In this week’s Torah portion, God and Moses modify the inheritance rights they had recently given to Zelophehad’s daughters — Mahla, Tirzah, Hoglah, Milcah and Noa — who, having no brothers, petitioned successfully to inherit their father’s property (“And God said to Moses, ‘Zelophehad’s daughters speak right.'” Numbers 27:7).

This week, at the end of the Book of Numbers, the uncles of these women complain that if their brother’s daughters were to marry outside their tribe, then the tribe would lose the legacy that belongs to it.

This time Moses speaks for God, saying, “The tribe of the sons of Joseph speaks right,” and he amends the earlier law by requiring Zelophehad’s daughters to marry into the family of their father’s tribe. They do so, marrying their uncles’ sons, and in so doing ironically pass along their inheritance to the families who would have inherited it originally if the sisters had not spoken up.

Whatever the biblical base for it, most Jews these days don’t expect to enter arranged marriages. With interfaith marriage rates continuing to grow, fewer and fewer Jews are observing any Jewish constraints on their freedom to marry, and would be rightly outraged if any state or federal government tried to interfere with their legal and civil right to marry.

Even American Jews who favor Jewish marriage over interfaith would not likely deny any interfaith couple the civil right to marry.
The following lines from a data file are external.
(* Let $p\neq0$ and let $\lambda,\mu$ be nonzero finite Borel measures on $\mathbb{S}^{n-1}$. Then a convex body $K\in\mathcal{K}^n_0$ is a solution of the maximization problem $\sup\{\Phi_{\lambda,\mu,p}(\rho_L):L\in\mathcal{K}^n_0\}$ if and only if $\rho_K$ is a solution of the maximization problem $\sup\{\Phi_{\lambda,\mu,p}(f):f\in C^+(\mathbb{S}^{n-1})\}$.
   Context: $\mathcal{K}^n_0$ is the set of compact convex subsets of $\mathbb{R}^n$ containing the origin in their interior; for $K\in\mathcal{K}^n_0$, $h_K(x)=\max_{y\in K}\langle y,x\rangle$ and $\rho_K(u)=\max\{t>0:tu\in K\}$. $C^+(\mathbb{S}^{n-1})$ denotes the positive continuous functions on $\mathbb{S}^{n-1}$. For $f\in C^+(\mathbb{S}^{n-1})$, $\langle f\rangle=\mathrm{conv}\{f(u)u:u\in\mathbb{S}^{n-1}\}$. For a measure $\nu$, $|\nu|$ denotes its total mass. The functional is $$\Phi_{\lambda,\mu,p}(f)=-\frac{1}{|\lambda|}\int_{\mathbb{S}^{n-1}}\log h_{\langle f\rangle}(x)\,d\lambda(x)-\frac1p\log\Big(\frac{1}{|\mu|}\int_{\mathbb{S}^{n-1}}f^{-p}(u)\,d\mu(u)\Big).$$ *)

From HB Require Import structures.
From mathcomp Require Import all_boot all_order all_algebra.
From mathcomp Require Import all_classical all_reals all_analysis.
Set Implicit Arguments. Unset Strict Implicit. Unset Printing Implicit Defensive.
Import Order.TTheory GRing.Theory Num.Theory.
Import numFieldNormedType.Exports.
Local Open Scope classical_set_scope.
Local Open Scope ring_scope.

(* Ambient space R^(n+1) is represented by row vectors 'rV[R]_n.+1;
   the unit sphere is S^n (the paper's S^{n-1} with paper-n = n+1). *)

Section Sphere.
Variables (R : realType) (n : nat).
Local Notation V := 'rV[R]_n.+1.

Definition dot (x y : V) : R := \sum_(i < n.+1) x ord0 i * y ord0 i.
Definition enorm (x : V) : R := Num.sqrt (dot x x).

Definition e0 : V := \row_(j < n.+1) (j == ord0)%:R.

Lemma e0_unit : dot e0 e0 == 1.
Proof.
apply/eqP; rewrite /dot (bigD1 ord0) //= big1 ?addr0.
  by rewrite !mxE eqxx mulr1.
by move=> i /negbTE Hi; rewrite !mxE Hi mulr0.
Qed.

Definition sphere_sub := {u : V | dot u u == 1}.
HB.instance Definition _ := Choice.on sphere_sub.
HB.instance Definition _ := isPointed.Build sphere_sub (exist _ e0 e0_unit).

(* traces on the sphere of open subsets of R^(n+1): the open sets of the
   subspace topology; they generate the Borel sigma-algebra of the sphere *)
Definition sphere_opens : set (set sphere_sub) :=
  [set [set u : sphere_sub | U (sval u)] | U in [set U : set V | open U]].
End Sphere.

Definition sphere (R : realType) (n : nat) :=
  g_sigma_algebraType (@sphere_opens R n).

Section Functional.
Variables (R : realType) (n : nat).
Local Notation V := 'rV[R]_n.+1.
Local Notation S := (sphere R n).

Definition svec (u : S) : V := sval u.

Definition conv (A : set V) : set V :=
  [set x | exists (k : nat) (w : 'I_k -> R) (y : 'I_k -> V),
      [/\ (forall i, 0 <= w i), \sum_(i < k) w i = 1,
          (forall i, A (y i)) & x = \sum_(i < k) w i *: y i]].

Definition convex_set (K : set V) : Prop :=
  forall x y (t : R), K x -> K y -> 0 <= t <= 1 -> K (t *: x + (1 - t) *: y).

Definition convex_body0 (K : set V) : Prop :=
  [/\ compact K, convex_set K & interior K 0].

Definition supp_fun (K : set V) (x : V) : R := sup [set dot y x | y in K].

Definition radial (K : set V) (u : S) : R :=
  sup [set t : R | 0 < t /\ K (t *: svec u)].

Definition Cplus (f : S -> R) : Prop :=
  (forall u, 0 < f u) /\
  (forall u (e : R), 0 < e -> exists2 d : R, 0 < d &
     forall v, enorm (svec v - svec u) < d -> `|f v - f u| < e).

Definition hull (f : S -> R) : set V := conv [set f u *: svec u | u in setT].

Definition Phi (lam mu : {finite_measure set S -> \bar R}) (p : R) (f : S -> R) : R :=
  - (fine (lam setT))^-1 * Rintegral lam setT (fun x => ln (supp_fun (hull f) (svec x)))
  - p^-1 * ln ((fine (mu setT))^-1 * Rintegral mu setT (fun u => f u `^ (- p))).

End Functional.

(* Write h for the support function of <f>. The set L of all x with
   <x, y> <= h y for every y is a convex body (h lies between two positive
   multiples of the Euclidean norm), it contains <f>, so f <= rho_L, and the
   hull of rho_L again has support function h: a generator rho_L(u) u with
   <u, x> < 0 is dominated by the antipodal generator rho_L(-u) (-u). The first
   term of Phi depends on f only through h, and the second term is
   nondecreasing in f for either sign of p, hence Phi f <= Phi rho_L. So a body
   maximizing Phi among bodies also maximizes it among positive continuous
   functions; the converse holds because radial functions of convex bodies are
   positive and continuous. *)

From Pilot Require Import Defs.
From HB Require Import structures.
From mathcomp Require Import all_boot all_order all_algebra.
From mathcomp Require Import all_classical all_reals all_analysis.
From mathcomp Require Import measurable_realfun.
From mathcomp Require Import ring lra.
Set Implicit Arguments. Unset Strict Implicit. Unset Printing Implicit Defensive.
Import Order.TTheory GRing.Theory Num.Theory.
Import numFieldNormedType.Exports.
Local Open Scope classical_set_scope.
Local Open Scope ring_scope.

Section InnerProduct.
Variables (R : realType) (n : nat).
Local Notation V := 'rV[R]_n.+1.
Local Notation dot := (@dot R n).
Local Notation enorm := (@enorm R n).
Implicit Types (x y z : V) (a : R).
And yet, the people proposing or supporting this new constitutional amendment would make certain that thousands of their peers never have such rights and, moreover, would strip them of important civil rights already duly conferred by California law. Like the brothers of Zelophehad, they stand for their privilege, and willingly put restrictions on the lives of other people.

What motivates a drive to amend a constitution now dedicated to fairness and equality into one that recreates a true second-class citizenry? How do these proponents benefit? Just as race laws did in America, such proposals galvanize emotionally motivated and fear-based voters into a firm voter base for leaders with other economic and power agendas. We need only look at the long history of anti-Semitism to remind ourselves that we’ve seen all this before.

This last Torah portion in the Book of Numbers concerns itself largely with the establishment and maintenance of boundaries as the Israelites prepare to move into the land of Canaan after their 40 years in the wilderness. God-given geographic boundaries, inheritance rights, appointment (not election) of leaders, provision for the establishment of sanctuary cities (six cities are needed in order to protect the lives of people who kill unintentionally, lest they be killed by avengers) — all contribute to a rather rigid atmosphere.

For a people who has lived in the wilderness and moved 42 times in 40 years (Rashi on Numbers 33), knowing as they do that Moses — their leader for all 40 years — is about to die, we can perhaps understand the desire (even God feels it) to get everything firmly in place as the Israelites prepare for entry into the Promised Land. But in our day, cui bono — to whose advantage is it to deny or remove (or even propose removing) rights from certain citizens? In our day, what’s our excuse?

Lisa Edwards is rabbi at Beth Chayim Chadashim — House of New Life — in Los Angeles.